A neighbor in Arizona's Catalina Foothills says she saw a "strange man" near the home of Nancy Guthrie weeks before the 84-year-old mother of Today show host Savannah Guthrie disappeared, adding a new but unconfirmed detail to a case that has drawn national attention and remains unsolved.
The witness account surfaced during the March 9 broadcast of Brian Entin Investigates, where Aldine Meister, a longtime resident of the Catalina Foothills area outside Tucson, described a sighting she believes may be connected to the disappearance. Meister said the encounter occurred around Jan. 11-roughly three weeks before Nancy Guthrie vanished from her home.
Meister said she initially shared the observation only with family members but later decided to report it to authorities after Guthrie went missing.

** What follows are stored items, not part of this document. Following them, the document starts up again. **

(* Given positive integers $n$ and $g$, there exists an integer $d_0$, depending only on $n$ and $g$, such that for every integer $d>d_0$ and every subgroup $H\subset(\mathbb{Z}/d\mathbb{Z})^\times$ of index $2g$, every coset of $H$ in $(\mathbb{Z}/d\mathbb{Z})^\times$ contains an element whose least nonnegative residue modulo $d$ lies in the open interval $(0,d/n)$. *)

From mathcomp Require Import all_boot all_order all_algebra all_fingroup.
Set Implicit Arguments. Unset Strict Implicit. Unset Printing Implicit Defensive.

(* Least nonnegative residue of a unit u of 'Z_d (valid for d >= 2, where
   'Z_d is the ordinal type 'I_d). *)
Definition unit_residue (d : nat) (u : {unit 'Z_d}) : nat := nat_of_ord (val u).

From mathcomp Require Import all_boot all_order all_algebra all_fingroup all_field.
From mathcomp Require Import zify ring.
Set Implicit Arguments. Unset Strict Implicit. Unset Printing Implicit Defensive.
Import Order.TTheory GRing.Theory Num.Theory.

(* Put N = 128 n^2 m^2 with m = 2g, L = gcd(d, N!) and T = kL with
   d/(4n) <= T <= d/(2n).  Finite Fourier analysis on Z/dZ counts the triples
   (u, j1, j2) with u in the coset Hc, j1, j2 < T and rho(u) = j1 + j2, where
   rho(u) is the least residue of u.  The frequencies that are multiples of d/L
   contribute exactly |H| T^2.  For any other frequency a, d' = d/gcd(a, d) does
   not divide N!, so it has a prime-power factor larger than N, whence
   N d' <= 8 phi(d')^2.  Averaging over H and Parseval bound the coset sum at a
   by sqrt(d') |H ∩ ker(Z/d -> Z/d')| <= sqrt(d') m |H| / phi(d'), which is at
   most |H| T / d.  Hence the error terms cannot cancel the main term, and some
   u in Hc has 0 < rho(u) < 2T <= d/n. *)

Lemma totient_sq_bound s :
  0 < s -> s <= 2 * totient s ^ 2 /\ (odd s -> s <= totient s ^ 2).
Proof.
elim/ltn_ind: s => s IH s0.
have [s_le1 | s_gt1] := leqP s 1; first by have -> : s = 1 by lia.
have pp := pdiv_prime s_gt1; set p := pdiv s in pp.
have [m cpm sE] := pfactor_coprime pp s0.
set k := logn p s in sE.
have k0 : 0 < k by rewrite logn_gt0 mem_primes pp s0 pdiv_dvd.
have p1 := prime_gt1 pp.
have m0 : 0 < m by move: s0; rewrite sE muln_gt0 => /andP[].
have ms : m < s.
  rewrite sE -[X in X < _]muln1 ltn_pmul2l // (leq_trans p1) //.
  by rewrite -[X in X <= _]expn1 leq_pexp2l // ltnW.
have [IH1 IH2] := IH m ms m0.
have tE : totient s = totient m * (p.-1 * p ^ k.-1).
  by rewrite sE totient_coprime ?totient_pfactor // coprime_sym coprimeXl.
have pkE : p ^ k = p * p ^ k.-1 by rewrite -expnS prednK.
rewrite tE sE pkE expnMn; set t := p ^ k.-1; set a := totient m in IH1 IH2 *.
have t_le_sq : t <= t ^ 2 by rewrite expnS expn1 leq_pmulr // expn_gt0 (ltnW p1).
have [p2 | p2] := eqVneq p 2.
  have om : odd m by rewrite -coprime2n -p2.
  split; last by rewrite !oddM p2 andbF.
  rewrite p2 /= mul1n mulnCA leq_mul2l /=.
  exact: leq_mul (IH2 om) t_le_sq.
have p_le_sq : p <= p.-1 ^ 2.
  have p3 : 2 < p by move: p1 p2; lia.
  by move: p3; rewrite -(prednK (ltnW p1)) /=; set r := p.-1; nia.
have ptt : p * t <= (p.-1 * t) ^ 2 by rewrite expnMn leq_mul.
split; first by rewrite [X in _ <= X]mulnA leq_mul.
by rewrite !oddM => /andP[/IH2 h _]; rewrite leq_mul.
Qed.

According to Meister, she noticed the individual while looking out a bathroom window. The sighting immediately struck her as unusual given the neighborhood's routines and the man's appearance.
Her reaction, she said, was immediate. "That guy doesn't fit."
Meister told the program that the man appeared young and had his hat pulled down low enough that she could not clearly see his face. She said the individual's posture and clothing stood out against what she normally sees in the area.
"He was kinda hunched over," Meister said, adding that the person was wearing what she described as street clothing rather than the hiking attire commonly worn by people walking in the foothills.
The detail that unsettled her most, she said, was the direction the man traveled and the way he appeared to observe a nearby property. Meister said the individual walked slowly down the street toward Guthrie's home and appeared to take "a long look at it."
The encounter stayed with her, she said, even though she initially dismissed it as a minor oddity. "So I thought that was weird because that's not normal," Meister recalled.
The neighbor's account has not been confirmed as connected to the disappearance, and investigators have not identified the individual she described. Law-enforcement officials have not publicly named any suspect in the case.
Authorities say the investigation into Nancy Guthrie's disappearance remains active and continues to expand as detectives pursue new leads and examine witness statements.
Pima County Sheriff Chris Nanos has previously indicated that investigators believe the missing woman may still be somewhere in the local area, though he acknowledged the theory is not backed by concrete evidence.
"I don't know why. I don't have any evidence to prove that, but I just believe she's somewhere here locally," Nanos said in comments to the BBC on Feb. 18.
The sheriff has also addressed speculation about possible involvement by family members, stating that Guthrie's relatives have cooperated fully with investigators.
According to reports cited in coverage of the case, the family has been described as "100%" cooperative with law enforcement. Authorities have said they have cleared several relatives, including Annie Guthrie's husband Tommaso Cioni, of suspicion.
For investigators, accounts like Meister's may help refine the timeline of events surrounding Guthrie's disappearance, even if they do not immediately identify a suspect. Witness recollections often provide fragments that detectives compare against other evidence, including surveillance footage, phone data and additional testimony.